Start of Input for this task

Lemma sat_bigdisj t e (I : eqType) (s : seq I) (F : I -> fo A n) :
  sat t e (bigdisj (map F s)) <-> exists2 i, i \in s & sat t e (F i).
Proof.
elim: s => [|i s IH]; first by split=> // [[]].
apply: iff_trans (sat_disj _ _ _ _) _; rewrite IH; split=> [[Hi | [j js Hj]] | [j]].
- by exists i; rewrite ?mem_head.
- by exists j; rewrite // inE js orbT.
- by rewrite inE => /predU1P [-> | js] Hj; [left | right; exists j].
Qed.

Fixpoint bind_root (k : nat) (g : fo A n) : fo A n :=
  match k with 0 => g | k'.+1 => FEx k' (fconj (FRoot A n k') (bind_root k' g)) end.

Lemma free_bind_root k (g : fo A n) y :
  free y (bind_root k g) -> free y g /\ k <= y.
Proof.
elim: k => [|k IH] //=; rewrite orbF => /andP [yk /orP [/eqP yk' | ]].
  by rewrite yk' eqxx in yk.
by rewrite orbF => /IH [gy ky]; split; rewrite // ltn_neqAle eq_sym yk.
Qed.

Lemma sat_bind_root (t : rtree A n) k g : t [::] <> None ->
  sat t (fun=> [::]) (bind_root k g) <-> sat t (fun=> [::]) g.
Proof.
have upd_nil x : upd (fun=> [::]) x [::] = fun=> [::].
  by apply: funext => y; rewrite /upd; case: eqP.
move=> troot; elim: k => [|k IH] //; apply: iff_trans (sat_ex _ _ _ _) _.
split=> [[v _ /sat_conj [/= vnil]] | Hg].
  by rewrite /upd eqxx in vnil; rewrite vnil upd_nil IH.
by exists [::] => //; apply/sat_conj; rewrite upd_nil; split=> //; apply/IH.
Qed.

Definition fv_lt (N : nat) f := forall y, free y f -> y < N.

Lemma fv_lt_neg N f : fv_lt N f -> fv_lt N (fneg f).
Proof. by move=> H y /= /orP [/H|]. Qed.

Lemma fv_lt_conj N f g : fv_lt N f -> fv_lt N g -> fv_lt N (fconj f g).
Proof. by move=> Hf Hg y /= /orP [/orP [/Hf|/orP[/Hg|]]|]. Qed.

Lemma fv_lt_bigconj N (I : Type) (s : seq I) (F : I -> fo A n) :
  (forall i, fv_lt N (F i)) -> fv_lt N (bigconj (map F s)).
Proof. by move=> H; elim: s => [|i s IH] //=; apply: fv_lt_conj. Qed.

Lemma fv_lt_bigdisj N (I : Type) (s : seq I) (F : I -> fo A n) :
  (forall i, fv_lt N (F i)) -> fv_lt N (bigdisj (map F s)).
Proof. by move=> H; elim: s => [|i s IH] // y /= /orP [/orP [/H|]|/IH]. Qed.

Lemma fv_lt_ex N f : fv_lt N.+1 f -> fv_lt N (FEx N f).
Proof. by move=> Hf y /= /andP [yN /Hf]; rewrite ltnS leq_eqVlt (negPf yN). Qed.

End Connectives.

(** * Quantifier-rank types *)

Fixpoint qtype (A0 : finType) (N q : nat) : finType :=
  match q with
  | 0 => A0
  | q'.+1 => (A0 * {ffun 'I_N -> {set qtype A0 N q'}})%type
  end.

Definition qtype_atom (A0 : finType) (N q : nat) : qtype A0 N q -> A0 :=
  match q return qtype A0 N q -> A0 with 0 => id | _.+1 => fst end.

Section QueryTypes.
Variables (X : Type) (n : nat) (I : finType) (query : I -> fo X n) (N : nat).
Implicit Types (f : fo X n) (t : rtree X n) (e : nat -> seq nat).

Local Notation atype := {ffun I -> bool}.

Definition atp t e : atype := [ffun i => `[< sat t e (query i) >]].

Fixpoint tp t q e : qtype atype N q :=
  match q return qtype atype N q with
  | 0 => atp t e
  | q'.+1 => (atp t e, [ffun x : 'I_N =>
      [set tau | `[< exists2 v, t v <> None & tp t q' (upd e x v) = tau >]]])
  end.

Lemma atp_sat_iff t t' e e' i : atp t e = atp t' e' ->
  sat t e (query i) <-> sat t' e' (query i).
Proof. by move=> /ffunP /(_ i); rewrite !ffunE; apply: asbool_eq_equiv. Qed.

Lemma atp_sat_eq t t' e e' : atp t e = atp t' e' ->
  (fun i => sat t e (query i)) = (fun i => sat t' e' (query i)).
Proof. by move=> E; apply: funext => i; apply/propext/atp_sat_iff. Qed.

Lemma tp_atom t q e : qtype_atom (tp t q e) = atp t e.
Proof. by case: q. Qed.

Lemma tp_back_forth t t' q e e' (x : 'I_N) v :
  tp t q.+1 e = tp t' q.+1 e' -> t v <> None ->
  exists2 v', t' v' <> None & tp t' q (upd e' x v') = tp t q (upd e x v).
Proof.
case=> _ /ffunP /(_ x) /setP /(_ (tp t q (upd e x v))).
rewrite /= !ffunE !inE => E tv; have [ext_t _] := asbool_eq_equiv E.
by apply: ext_t; exists v.
Qed.

Definition lit (b : bool) f := if b then f else fneg f.

Definition atp_formula (a : atype) : fo X n :=
  bigconj [seq lit (a i) (query i) | i <- enum I].

Lemma sat_atp_formula t e a : sat t e (atp_formula a) <-> atp t e = a.
Proof.
rewrite sat_bigconj; split=> [Ha | <- i _]; last first.
  by rewrite ffunE; case: asboolP.
apply/ffunP => i; rewrite ffunE; have := Ha i; rewrite mem_enum.
by case: (a i) => /(_ isT) H; [apply/asboolP | apply/asboolPn].
Qed.

Fixpoint hintikka q : qtype atype N q -> fo X n :=
  match q return qtype atype N q -> fo X n with
  | 0 => atp_formula
  | q'.+1 => fun tau =>
      fconj (atp_formula tau.1)
        (bigconj [seq fconj (bigconj [seq FEx x (hintikka sg) | sg <- enum (tau.2 x)])
                          (fall x (bigdisj [seq hintikka sg | sg <- enum (tau.2 x)]))
                | x : 'I_N <- enum 'I_N])
  end.

Lemma sat_hintikka t q (tau : qtype atype N q) e :
  sat t e (hintikka tau) <-> tp t q e = tau.
Proof.
elim: q tau e => [|q IH] tau e; first exact: sat_atp_formula.
case: tau => a S.
apply: iff_trans (sat_conj _ _ _ _) _; rewrite sat_atp_formula sat_bigconj.
pose ext (x : 'I_N) := [set tau | `[< exists2 v, t v <> None & tp t q (upd e x v) = tau >]].
suff ext_hintikka (x : 'I_N) :
    sat t e (fconj (bigconj [seq FEx x (hintikka sg) | sg <- enum (S x)])
                   (fall x (bigdisj [seq hintikka sg | sg <- enum (S x)])))
    <-> ext x = S x.
  have -> : tp t q.+1 e = (atp t e, [ffun x => ext x]) by [].
  split=> [[-> H] | [-> ES]]; last by split=> // x _; apply/ext_hintikka; rewrite -ES ffunE.
  by congr pair; apply/ffunP => x; rewrite ffunE; apply/ext_hintikka/H; rewrite mem_enum.
rewrite sat_conj sat_bigconj sat_all; split=> [[Hex Hall] | <-].
  apply/setP => sg; rewrite inE; apply/asboolP/idP => [[v tv <-] | ].
    by have /sat_bigdisj [sg'] := Hall v tv; rewrite IH => + ->; rewrite mem_enum.
  by rewrite -mem_enum => /Hex [v [tv /IH]]; exists v.
split=> [sg | v tv].
  by rewrite mem_enum inE => /asboolP [v tv Ev]; exists v; split=> //; apply/IH.
apply/sat_bigdisj; exists (tp t q (upd e x v)); last exact/IH.
by rewrite mem_enum inE; apply/asboolP; exists v.
Qed.

Lemma fv_lt_hintikka q (tau : qtype atype N q) :
  (forall i, fv_lt N (query i)) -> fv_lt N (hintikka tau).
Proof.
move=> Hq; have fv_atp a : fv_lt N (atp_formula a).
  by apply: fv_lt_bigconj => i; case: (a i); [exact: Hq | exact/fv_lt_neg/Hq].
elim: q tau => [|q IH] tau //=.
apply: fv_lt_conj => //; apply: fv_lt_bigconj => x; apply: fv_lt_conj.
  by apply: fv_lt_bigconj => sg y /= /andP [_ /IH].
by apply/fv_lt_neg => y /= /andP [_]; apply/fv_lt_neg/fv_lt_bigdisj.
Qed.

Fixpoint over_queries f : Prop :=
  match f with
  | FFalse => True
  | FImp f g => over_queries f /\ over_queries g
  | FEx x g => x < N /\ over_queries g
  | _ => exists i, query i = f
  end.

Fixpoint qrank f : nat :=
  match f with
  | FImp f g => maxn (qrank f) (qrank g)
  | FEx _ g => (qrank g).+1
  | _ => 0
  end.

Lemma sat_tp_eq f q t t' e e' : over_queries f -> qrank f <= q ->
  tp t q e = tp t' q e' -> sat t e f <-> sat t' e' f.
Proof.
elim: f q t t' e e' => [x y|x y|i x y|c x|j x|x||f IHf g IHg|x g IHg] q t t' e e'.
1-6: by move=> [k <-] _ /(congr1 (@qtype_atom _ _ _)); rewrite !tp_atom; apply: atp_sat_iff.
- by [].
- move=> /= [Of Og]; rewrite geq_max => /andP [qf qg] E.
  by rewrite (IHf q t t' e e') ?(IHg q t t' e e').
case: q => // q [/= xN Og] qg.
have ex_tp t1 t1' e1 e1' :
    tp t1 q.+1 e1 = tp t1' q.+1 e1' -> sat t1 e1 (FEx x g) -> sat t1' e1' (FEx x g).
  move=> E [v [tv Hv]]; have [v' tv' Ev'] := tp_back_forth (Ordinal xN) E tv.
  by exists v'; split=> //; apply/(IHg q t1 t1' (upd e1 x v)).
by move=> E; split; apply: ex_tp.
Qed.

End QueryTypes.

Fixpoint fo_bound (A : Type) n (f : fo A n) : nat :=
  match f with
  | FEq x y | FLe x y => maxn x y
  | FSucc i x y => maxn i (maxn x y)
  | FLab _ x | FVarl _ x | FRoot x => x
  | FFalse => 0
  | FImp f g => maxn (fo_bound f) (fo_bound g)
  | FEx x g => maxn x (fo_bound g)
  end.

Section AtomQueries.
Variables (X : finType) (n N B : nat).

Definition atom_index : finType :=
  ('I_N * 'I_N + 'I_N * 'I_N + 'I_B * 'I_N * 'I_N + 'I_N * X + 'I_N * 'I_n + 'I_N)%type.

Definition atom_query (i : atom_index) : fo X n :=
  match i with
  | inl (inl (inl (inl (inl (x, y))))) => FEq X n x y
  | inl (inl (inl (inl (inr (x, y))))) => FLe X n x y
  | inl (inl (inl (inr (j, x, y)))) => FSucc X n j x y
  | inl (inl (inr (x, c))) => FLab n c x
  | inl (inr (x, m)) => FVarl X m x
  | inr x => FRoot X n x
  end.

Lemma fv_lt_atom_query i : fv_lt N (atom_query i).
Proof.
case: i => [[[[[[x y]|[x y]]|[[j x] y]]|[x c]]|[x m]]|x] z /=;
  by rewrite ?orbF; try case/orP; move/eqP ->.
Qed.

End AtomQueries.

Lemma over_atom_queries (X : finType) n N B (f : fo X n) :
  fo_bound f < N -> fo_bound f < B -> over_queries (@atom_query X n N B) N f.
Proof.
elim: f => [x y|x y|i x y|c x|j x|x||f IHf g IHg|x g IHg] /=; rewrite ?gtn_max.
- by case/andP=> xN yN _; exists (inl (inl (inl (inl (inl (Ordinal xN, Ordinal yN)))))).
- by case/andP=> xN yN _; exists (inl (inl (inl (inl (inr (Ordinal xN, Ordinal yN)))))).
- case/and3P=> _ xN yN /andP [iB _].
  by exists (inl (inl (inl (inr (Ordinal iB, Ordinal xN, Ordinal yN))))).
- by move=> xN _; exists (inl (inl (inr (Ordinal xN, c)))).
- by move=> xN _; exists (inl (inr (Ordinal xN, j))).
- by move=> xN _; exists (inr (Ordinal xN)).
- by [].
- by case/andP=> fN gN /andP [fB gB]; split; [apply: IHf | apply: IHg].
- by case/andP=> xN gN /andP [_ gB]; split; last apply: IHg.
Qed.
Lemma switch_walk_path :
  path state_adj (state 1 false) switch_walk /\
  last (state 1 false) switch_walk = state 1 true.
Proof.
have [down1_path down1_last] := descent_walk (m := i1.-1) ltac:(lia).
have [down2_path down2_last] := descent_walk (m := i2.-1) ltac:(lia).
have i1E : i1.-1.+1 = i1 by lia.
have i2E : i2.-1.+1 = i2 by lia.
rewrite i1E in down1_path down1_last; rewrite i2E in down2_path down2_last.
set up2 := map swap_pair (descent i2.-1).
have up2_path : path state_adj (state i2 false) up2.
  by rewrite -swap_state (mono_path state_adj_swap).
have up2_last : last (state i2 false) up2 = state 1 false.
  by rewrite -swap_state last_map down2_last.
have := rev_belast_path state_adjC up2_path; rewrite up2_last => rev_up2_path.
have rev_up2_last :
    last (state 1 false) (rev (belast (state i2 false) up2)) = state i2 false.
  by rewrite -up2_last last_rev_belast.
rewrite /switch_walk cat_path last_cat rev_up2_path rev_up2_last /=.
rewrite down1_path down1_last andbT; split => //.
rewrite /state_adj /state /= target_edge_chord.
by rewrite (target_edgeC (2 * i2)) (target_edgeC (2 * i1)) !target_edge_pair.
Qed.

Definition home_walk (p : nat) (o : bool) : seq (nat * nat) :=
  if o then descent p.-1 else map swap_pair (descent p.-1) ++ switch_walk.

Lemma home_walk_path p o : (1 <= p <= k)%N ->
  path state_adj (state p o) (home_walk p o) /\
  last (state p o) (home_walk p o) = state 1 true.
Proof.
move=> p_range; have [down_path down_last] := descent_walk (m := p.-1) ltac:(lia).
have pE : p.-1.+1 = p by lia.
rewrite pE in down_path down_last; case: o; rewrite /home_walk; first by [].
have [switch_path switch_last] := switch_walk_path.
rewrite cat_path last_cat -swap_state last_map down_last (mono_path state_adj_swap).
by rewrite down_path swap_state switch_path switch_last.
Qed.

Lemma size_home_walk p o : (p <= k)%N -> (size (home_walk p o) <= 6 * k)%N.
Proof.
move=> lepk; rewrite /home_walk /switch_walk; case: o;
  rewrite ?size_cat ?size_rev ?size_belast /= ?size_map !size_descent; lia.
Qed.

Variables (pair_of : nat -> nat) (orient : nat -> bool).

Definition block_state (b : nat) : nat * nat := state (pair_of b) (orient b).

Definition admissible (b : nat) : bool :=
  (1 <= pair_of b.-1 <= k) && (1 <= pair_of b <= k).

Definition transition (b : nat) : seq (nat * nat) :=
  block_state b.-1 :: home_walk (pair_of b.-1) (orient b.-1)
  ++ rev (belast (block_state b) (home_walk (pair_of b) (orient b))).

(* A transition has at most [12 k + 1] steps; the two extra zones make the
   last two zones of a block carry the block's own state. *)
Local Notation D := (12 * k + 3)%N.

(* Block [b] of the schedule consists of the zones [b * (D + 1) + t], [t <= D],
   which follow the transition from the state of block [b - 1] to that of block
   [b], padded with the latter. *)
Definition schedule (z : nat) : nat * nat :=
  nth (block_state (z %/ D.+1)) (transition (z %/ D.+1)) (z %% D.+1).

Lemma transition_walk b : admissible b ->
  path state_adj (block_state b.-1) (behead (transition b)) /\
  last (block_state b.-1) (behead (transition b)) = block_state b /\
  (size (transition b) < D.-1)%N.
Proof.
case/andP=> prev_range cur_range; rewrite /transition /block_state /=.
have [prev_path prev_last] := home_walk_path (orient b.-1) prev_range.
have [cur_path cur_last] := home_walk_path (orient b) cur_range.
have := rev_belast_path state_adjC cur_path; rewrite cur_last => rev_cur_path.
have rev_cur_last : last (state 1 true)
      (rev (belast (state (pair_of b) (orient b)) (home_walk (pair_of b) (orient b))))
    = state (pair_of b) (orient b).
  by rewrite -cur_last last_rev_belast.
rewrite cat_path last_cat prev_path prev_last rev_cur_path rev_cur_last.
split=> //; split=> //; rewrite size_cat size_rev size_belast.
have := size_home_walk (orient b.-1) (p := pair_of b.-1).
by have := size_home_walk (orient b) (p := pair_of b); lia.
Qed.

Lemma scheduleE b t : (t <= D)%N ->
  schedule (b * D.+1 + t) = nth (block_state b) (transition b) t.
Proof.
move=> letD; have ltt : (t < D.+1)%N := letD.
by rewrite /schedule divnMDl // modnMDl (divn_small ltt) (modn_small ltt) addn0.
Qed.

Lemma schedule_block_end b t : admissible b -> (D.-1 <= t <= D)%N ->
  schedule (b * D.+1 + t) = block_state b.
Proof.
move=> adm t_range; have [_ [_ walk_size]] := transition_walk adm.
by rewrite scheduleE ?nth_default //; lia.
Qed.

Lemma schedule_block_start b : schedule (b.+1 * D.+1) = block_state b.
Proof. by rewrite -[b.+1 * D.+1]addn0 scheduleE. Qed.

Lemma schedule_adj b t : admissible b -> (t <= D)%N ->
  state_adj (schedule (b * D.+1 + t)) (schedule (b * D.+1 + t).+1).
Proof.
move=> adm; case/andP: (adm) => _ cur_range.
have cur_adj := state_adjxx (orient b) cur_range.
rewrite leq_eqVlt => /orP[/eqP ->|ltD].
  have -> : (b * D.+1 + D).+1 = (b.+1 * D.+1)%N by rewrite mulSn; lia.
  by rewrite schedule_block_start (@schedule_block_end b D adm) //; lia.
have [walk_path [walk_last _]] := transition_walk adm.
rewrite -[(b * D.+1 + t).+1]addnS !scheduleE ?(ltnW ltD) //.
have -> : transition b = block_state b.-1 :: behead (transition b) by [].
exact: path_nth_refl walk_path walk_last cur_adj.
Qed.

End TargetGraph.

Lemma card_le_injective_range (T : finType) (g : T -> nat) (A : {set T}) lo hi :
  {in A &, injective g} -> (forall v, v \in A -> lo <= g v < hi)%N ->
  (#|A| <= hi - lo)%N.
Proof.
move=> g_inj g_range; rewrite cardE -(size_map g) -(size_iota lo (hi - lo)).
apply: uniq_leq_size.
  by rewrite map_inj_in_uniq ?enum_uniq // => x y; rewrite !mem_enum; exact: g_inj.
by move=> x /mapP[v]; rewrite mem_enum => /g_range v_range ->; rewrite mem_iota; lia.
Qed.

Lemma discrete_ivt (h : nat -> nat) m T N :
  (forall F, h F.+1 <= h F + m /\ h F <= h F.+1 + m)%N ->
  (h 0 <= T <= h N \/ h N <= T <= h 0)%N ->
  exists F, (T <= h F + m /\ h F <= T + m)%N.
Proof.
move=> h_step; elim: N => [|N IH] T_between; first by exists 0%N; lia.
have [step_up step_down] := h_step N.
have [T_before|T_last] : (h 0 <= T <= h N \/ h N <= T <= h 0)%N \/
    (h N < T <= h N.+1 \/ h N.+1 <= T < h N)%N by lia.
  exact: IH.
by exists N.+1; lia.
Qed.

Definition segment_of (C : nat -> nat) (k x : nat) : nat :=
  find (fun j => x < C j)%N (iota 0 k.+1).

Lemma segment_ofP (C : nat -> nat) k x : C 0 = 0%N -> (x < C k)%N ->
  (1 <= segment_of C k x <= k)%N /\
  (C (segment_of C k x).-1 <= x < C (segment_of C k x))%N.
Proof.
move=> C0 ltxk; rewrite /segment_of; set j := find _ _.
have has_j : has (fun j => x < C j)%N (iota 0 k.+1).
  by apply/hasP; exists k => //; rewrite mem_iota; lia.
have ltjk : (j < k.+1)%N by move: has_j; rewrite has_find size_iota.
have := nth_find 0%N has_j; rewrite -/j nth_iota // add0n => ltxj.
have j_gt0 : (0 < j)%N by rewrite lt0n; apply/eqP => j0; move: ltxj; rewrite j0 C0.
have ltj1 : (j.-1 < j)%N by lia.
have := before_find 0%N ltj1; rewrite nth_iota /=; last by lia.
by rewrite add0n => not_ltxj1; split; lia.
Qed.

Section Zones.
Variables D M w : nat.
Hypotheses (w_gt0 : (0 < w)%N) (zones_fit : (D.+1 * w <= M)%N).

(* Positions are cut into blocks of length [M]; the first [D * w] positions of
   a block form [D] zones of length [w] and the rest of the block one last zone. *)
Definition zone (p : nat) : nat := (p %/ M * D.+1 + minn (p %% M %/ w) D)%N.

Lemma M_gt0 : (0 < M)%N.
Proof. by apply: leq_trans zones_fit; rewrite muln_gt0 w_gt0. Qed.

Lemma zone_step p q : (p <= q < p + w)%N -> zone q = zone p \/ zone q = (zone p).+1.
Proof.
case/andP=> lepq ltq; rewrite /zone.
have le_wM : (w <= M)%N by apply: leq_trans zones_fit; rewrite leq_pmull.
have p_eq := divn_eq p M; have q_eq := divn_eq q M.
have ltrp := ltn_pmod p M_gt0; have ltrq := ltn_pmod q M_gt0.
set bp := (p %/ M)%N in p_eq *; set bq := (q %/ M)%N in q_eq *.
set rp := (p %% M)%N in p_eq ltrp *; set rq := (q %% M)%N in q_eq ltrq *.
have le_bpq : (bp <= bq)%N by apply: leq_div2r.
have lt_bqp : (bq < bp.+2)%N by rewrite /bq ltn_divLR ?M_gt0 // !mulSn; lia.
have [bqE|bqE] : bq = bp \/ bq = bp.+1 by lia.
- have le_rpq : (rp <= rq < rp + w)%N by rewrite bqE in q_eq; lia.
  have le_zpq : (rp %/ w <= rq %/ w)%N by apply: leq_div2r; lia.
  have lt_zqp : (rq %/ w < (rp %/ w).+2)%N.
    by rewrite ltn_divLR // !mulSn; have := ltn_ceil rp w_gt0; rewrite mulSn; lia.
  by rewrite bqE; lia.
- have zq0 : (rq %/ w = 0)%N by rewrite divn_small //; rewrite bqE mulSn in q_eq; lia.
  have zp_last : (D <= rp %/ w)%N.
    rewrite leq_divRL //; rewrite bqE mulSn in q_eq.
    by move: zones_fit; rewrite mulSn; lia.
  by rewrite bqE zq0 mulSn; right; lia.
Qed.

Lemma zone_near_tail p q : (0 < D)%N -> (D * w <= p %% M)%N ->
  (p <= q < p + w \/ q <= p < q + w)%N ->
  zone q = ((p %/ M).+1 * D.+1)%N \/
  exists2 t, (D.-1 <= t <= D)%N & zone q = (p %/ M * D.+1 + t)%N.
Proof.
move=> D_gt0 tail_p near_pq.
have zpE : zone p = (p %/ M * D.+1 + D)%N.
  by rewrite /zone; congr (_ + _)%N; apply/minn_idPr; rewrite leq_divRL.
have zp_last : (zone p).+1 = ((p %/ M).+1 * D.+1)%N by rewrite zpE mulSn; lia.
case: near_pq => near_pq.
  by case: (zone_step near_pq) => ->; [right; exists D; rewrite ?zpE; lia | left].
case: (zone_step near_pq) => zpq; right.
  by exists D; rewrite -?zpq ?zpE; lia.
by exists D.-1; [lia | move: zpq; rewrite zpE; lia].
Qed.

End Zones.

End of Input for this task

**Exercise details:** Copy exactly the lines that run from the first line of the data to the line containing "- by exists j; rewrite // inE js orbT.", please, with both ends included and nothing else.

**Answer below:**
Lemma sat_bigdisj t e (I : eqType) (s : seq I) (F : I -> fo A n) :
  sat t e (bigdisj (map F s)) <-> exists2 i, i \in s & sat t e (F i).
Proof.
elim: s => [|i s IH]; first by split=> // [[]].
apply: iff_trans (sat_disj _ _ _ _) _; rewrite IH; split=> [[Hi | [j js Hj]] | [j]].
- by exists i; rewrite ?mem_head.
- by exists j; rewrite // inE js orbT.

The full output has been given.